= What this task involves =
Go line by line through the records below. Copy whichever lines contain the string "with".

---------- Supplied material ----------

(* Let $\mathcal Z$ be a finite zero-set and $a,b\in\{1,2,\dots\}\cup\{\infty\}$. If $A'$ spans for the zero-set $\mathcal Z\cap R_{a,b}$, then there exists $A\supseteq A'$ which spans for $\mathcal Z$ and satisfies $|A|=|A'|+|\mathcal Z\setminus R_{a,b}|$; moreover, if $A'$ is thin, $A$ can be chosen thin. Consequently $$\gamma(\mathcal Z\cap R_{a,b})\ge\gamma(\mathcal Z)-|\mathcal Z\setminus R_{a,b}|,\qquad \gamma_{\rm thin}(\mathcal Z\cap R_{a,b})\ge\gamma_{\rm thin}(\mathcal Z)-|\mathcal Z\setminus R_{a,b}|.$$
   Context: $\mathbb Z_+=\{0,1,2,\dots\}$, $R_{a,b}=([0,a-1]\times[0,b-1])\cap\mathbb Z_+^2$, where $[0,\infty-1]$ means $[0,\infty)$. A zero-set is a union of rectangles $R_{a,b}$. $\mathrm{row}(x,A),\mathrm{col}(x,A)$ count the points of $A$ on the horizontal/vertical line through $x$; for a zero-set $\mathcal Z$, $\mathcal T(A)=A\cup\{x\notin A:(\mathrm{row}(x,A),\mathrm{col}(x,A))\notin\mathcal Z\}$; $A$ spans for $\mathcal Z$ if $\bigcup_t\mathcal T^t(A)=\mathbb Z_+^2$; $\gamma(\mathcal Z)$ is the minimal size of a finite spanning set. A set is thin if each of its points has no other point of the set on its horizontal line or no other point of the set on its vertical line; $\gamma_{\rm thin}(\mathcal Z)$ is the minimal size of a thin spanning set. *)

(* Points of Z_+^2 are pairs (nat * nat); sets are Prop predicates;
   finite sets are duplicate-free lists. *)
From Stdlib Require Import List Arith.
Import ListNotations.

Definition pt := (nat * nat)%type.
Definition pset := pt -> Prop.

(* Extended positive naturals {1,2,...} ∪ {∞}: [Some n] is n (required n >= 1), [None] is ∞. *)
Definition extpos := option nat.
Definition valid_ext (a : extpos) : Prop :=
  match a with Some n => 1 <= n | None => True end.

(* k <= a - 1, i.e. k < a, with ∞ - 1 = ∞ *)
Definition below (k : nat) (a : extpos) : Prop :=
  match a with Some n => k < n | None => True end.

Definition rect (a b : extpos) : pset := fun x => below (fst x) a /\ below (snd x) b.

Definition is_zero_set (Z : pset) : Prop :=
  exists (I : Type) (ab : I -> extpos * extpos),
    (forall i, valid_ext (fst (ab i)) /\ valid_ext (snd (ab i))) /\
    (forall x, Z x <-> exists i, rect (fst (ab i)) (snd (ab i)) x).

Definition card_is (P : pset) (n : nat) : Prop :=
  exists l : list pt, NoDup l /\ (forall x, In x l <-> P x) /\ length l = n.

Definition finite_set (P : pset) : Prop := exists n, card_is P n.

Definition setI (P Q : pset) : pset := fun x => P x /\ Q x.
Definition setD (P Q : pset) : pset := fun x => P x /\ ~ Q x.

(* row(x,A) = r : the horizontal line through x = (i,j), i.e. {(k,j)},
   contains exactly r points of A (finitely many). *)
Definition row_is (A : pset) (x : pt) (r : nat) : Prop :=
  exists l : list nat, NoDup l /\ (forall k, In k l <-> A (k, snd x)) /\ length l = r.
(* col(x,A) = c : the vertical line through x = (i,j), i.e. {(i,k)}. *)
Definition col_is (A : pset) (x : pt) (c : nat) : Prop :=
  exists l : list nat, NoDup l /\ (forall k, In k l <-> A (fst x, k)) /\ length l = c.

(* (row(x,A), col(x,A)) ∈ Z; if a count is infinite the pair is not in Z ⊆ Z_+^2. *)
Definition counts_in (Z : pset) (A : pset) (x : pt) : Prop :=
  exists r c, row_is A x r /\ col_is A x c /\ Z (r, c).

Definition Tstep (Z : pset) (A : pset) : pset :=
  fun x => A x \/ (~ A x /\ ~ counts_in Z A x).

Fixpoint Titer (Z : pset) (t : nat) (A : pset) : pset :=
  match t with
  | O => A
  | S t' => Tstep Z (Titer Z t' A)
  end.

----------

= Response to this exercise =
  match a with Some n => 1 <= n | None => True end.
(* k <= a - 1, i.e. k < a, with ∞ - 1 = ∞ *)
  match a with Some n => k < n | None => True end.
  match t with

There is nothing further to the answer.